With 2.6.30 things look similar, except 2.6.30 does not show the
last "200000000-ffffffffffffffff : RAM buffer" line.

2009-06-27 19:30:39

by H. Peter Anvin

[permalink] [raw]
Subject: Re: [BUG 2.6.31-rc1] HIGHMEM64G causes hang in PCI init on 32-bit x86

Mikael Pettersson wrote:
>
> Sure. This is from 2.6.31-rc1 with the commit commented out and
> replaced by a debug printk:
>
> identify_cpu: ->x86_phys_bits == 36, would change iomem_resource.end from 0xffffffffffffffff to 0x0000000fffffffff
>
> which looks correct for HIGHMEM64G.

OK, I'm going to revert the checkin... however, we still need to figure
out what the right answer here is, and why this broke (and why none of
my tests showed this failure...)

However, it is clear that the answer is more complex than we originally
anticipated. Mikael, would you be willing to run some experiments over
the near future?

-hpa

--
H. Peter Anvin, Intel Open Source Technology Center
I work for Intel. I don't speak on their behalf.

2009-06-27 19:34:17

by H. Peter Anvin

[permalink] [raw]
Subject: [tip:x86/urgent] Revert "x86: cap iomem_resource to addressable physical memory"

Commit-ID: fc1dbec8ae1a451557ade978bf7777b267690ca9
Gitweb: http://git.kernel.org/tip/fc1dbec8ae1a451557ade978bf7777b267690ca9
Author: H. Peter Anvin <[email protected]>
AuthorDate: Sat, 27 Jun 2009 12:22:27 -0700
Committer: H. Peter Anvin <[email protected]>
CommitDate: Sat, 27 Jun 2009 12:22:27 -0700

Revert "x86: cap iomem_resource to addressable physical memory"

This reverts commit 95ee14e4379c5e19c0897c872350570402014742.
Mikael Petterson <[email protected]> reported that at least one of his
systems will not boot as a result. We have ruled out the detection
algorithm malfunctioning, so it is not a matter of producing the
incorrect bitmasks; rather, something in the application of them
fails.

Revert the commit until we can root cause and correct this problem.

-stable team: this means the underlying commit should be rejected.

Reported-and-isolated-by: Mikael Petterson <[email protected]>
Signed-off-by: H. Peter Anvin <[email protected]>
LKML-Reference: <[email protected]>
Cc: [email protected]
Cc: Grant Grundler <[email protected]>


---
arch/x86/kernel/cpu/common.c | 3 ---
1 files changed, 0 insertions(+), 3 deletions(-)

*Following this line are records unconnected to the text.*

Lemma smooth2_mult (F G : R -> R -> R) : smooth2 F -> smooth2 G -> smooth2 (fun s t => F s t * G s t).
Proof. rewrite !smooth2_upto_all. intros HF HG n. now apply smooth2_upto_mult. Qed.

Lemma smooth2_comp_on (P : R -> Prop) (h : R -> R) (F : R -> R -> R) :
  smooth_on P h -> (forall s t, P (F s t)) -> smooth2 F -> smooth2 (fun s t => h (F s t)).
Proof. rewrite !smooth2_upto_all. intros Hh HP HF n. now apply (smooth2_upto_comp n P). Qed.

Lemma smooth2_comp (h : R -> R) (F : R -> R -> R) :
  smooth1 h -> smooth2 F -> smooth2 (fun s t => h (F s t)).
Proof. intros Hh. apply (smooth2_comp_on (fun _ => True)); auto using smooth1_smooth_on. Qed.

Lemma smooth2_const (c : R) : smooth2 (fun _ _ => c).
Proof. apply smooth2_upto_all. intros n. apply smooth2_upto_const. Qed.

Lemma smooth2_coord (b : bool) : smooth2 (coord b).
Proof. apply smooth2_upto_all. intros n. apply smooth2_upto_coord. Qed.

Lemma smooth2_of_t (f : R -> R) : smooth1 f -> smooth2 (fun _ t => f t).
Proof. intros Hf. exact (smooth2_comp f (coord false) Hf (smooth2_coord false)). Qed.

Lemma smooth2_scal (c : R) (F : R -> R -> R) : smooth2 F -> smooth2 (fun s t => c * F s t).
Proof. intros H. apply smooth2_mult; auto using smooth2_const. Qed.

Lemma smooth2_minus (F G : R -> R -> R) : smooth2 F -> smooth2 G -> smooth2 (fun s t => F s t - G s t).
Proof.
  intros HF HG. apply (smooth2_ext (fun s t => F s t + (-1) * G s t)); [intros; ring|].
  apply smooth2_plus; auto using smooth2_scal.
Qed.

Lemma smooth2_sqr (F : R -> R -> R) : smooth2 F -> smooth2 (fun s t => F s t ^ 2).
Proof. intros H. apply (smooth2_ext (fun s t => F s t * F s t)); [intros; ring|]. now apply smooth2_mult. Qed.

Lemma Derive_n_slice_s (F : R -> R -> R) (t : R) (k : nat) :
  Derive_n (fun s => F s t) k = (fun s => iter_pd (repeat true k) F s t).
Proof.
  induction k as [|k IH]; [reflexivity|].
  apply functional_extensionality; intro s. simpl. now rewrite IH.
Qed.

Lemma Derive_n_slice_t (F : R -> R -> R) (s : R) (k : nat) :
  Derive_n (fun t => F s t) k = (fun t => iter_pd (repeat false k) F s t).
Proof.
  induction k as [|k IH]; [reflexivity|].
  apply functional_extensionality; intro t. simpl. now rewrite IH.
Qed.

Lemma smooth2_slice_s (F : R -> R -> R) (t : R) : smooth2 F -> smooth1 (fun s => F s t).
Proof.
  intros H [|k] x; [exact I|]. simpl. rewrite Derive_n_slice_s. apply (H (repeat true k) x t).
Qed.

Lemma smooth2_slice_t (F : R -> R -> R) (s : R) : smooth2 F -> smooth1 (fun t => F s t).
Proof.
  intros H [|k] x; [exact I|]. simpl. rewrite Derive_n_slice_t. apply (H (repeat false k) s x).
Qed.

Lemma smooth1_of_smooth2 (f : R -> R) : smooth2 (fun _ t => f t) -> smooth1 f.
Proof. apply (smooth2_slice_t (fun _ t => f t) 0). Qed.

Lemma smooth2_continuity_2d_pt (F : R -> R -> R) (s t : R) : smooth2 F -> continuity_2d_pt F s t.
Proof. intros H. apply (smooth2_partially_diff F H s t). Qed.

Lemma smooth2_ex_derive_s (F : R -> R -> R) (s t : R) : smooth2 F -> ex_derive (fun u => F u t) s.
Proof. intros H. apply (smooth2_partially_diff F H s t). Qed.

Lemma smooth2_ex_derive_t (F : R -> R -> R) (s t : R) : smooth2 F -> ex_derive (fun u => F s u) t.
Proof. intros H. apply (smooth2_partially_diff F H s t). Qed.

Lemma smooth2_ex_RInt (F : R -> R -> R) (a b t : R) : smooth2 F -> ex_RInt (fun s => F s t) a b.
Proof. intros H. apply smooth1_ex_RInt, smooth2_slice_s, H. Qed.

diff --git a/arch/x86/kernel/cpu/common.c b/arch/x86/kernel/cpu/common.c
index 6b26d4d..f1961c0 100644
--- a/arch/x86/kernel/cpu/common.c
+++ b/arch/x86/kernel/cpu/common.c
@@ -848,9 +848,6 @@ static void __cpuinit identify_cpu(struct cpuinfo_x86 *c)
#if defined(CONFIG_NUMA) && defined(CONFIG_X86_64)
numa_add_cpu(smp_processor_id());
#endif
-
- /* Cap the iomem address space to what is addressable on all CPUs */
- iomem_resource.end &= (1ULL << c->x86_phys_bits) - 1;
}

#ifdef CONFIG_X86_64

2009-06-27 21:34:49

by Mikael Pettersson

[permalink] [raw]
Subject: Re: [BUG 2.6.31-rc1] HIGHMEM64G causes hang in PCI init on 32-bit x86

H. Peter Anvin writes:
> Mikael Pettersson wrote:
> >
> > Sure. This is from 2.6.31-rc1 with the commit commented out and
> > replaced by a debug printk:
> >
> > identify_cpu: ->x86_phys_bits == 36, would change iomem_resource.end from 0xffffffffffffffff to 0x0000000fffffffff
> >
> > which looks correct for HIGHMEM64G.
>
> OK, I'm going to revert the checkin... however, we still need to figure
> out what the right answer here is, and why this broke (and why none of
> my tests showed this failure...)
>
> However, it is clear that the answer is more complex than we originally
> anticipated. Mikael, would you be willing to run some experiments over
> the near future?

Yes

/Mikael

2009-06-27 21:50:17

by Mikael Pettersson

[permalink] [raw]
Subject: Re: [tip:x86/urgent] Revert "x86: cap iomem_resource to addressable physical memory"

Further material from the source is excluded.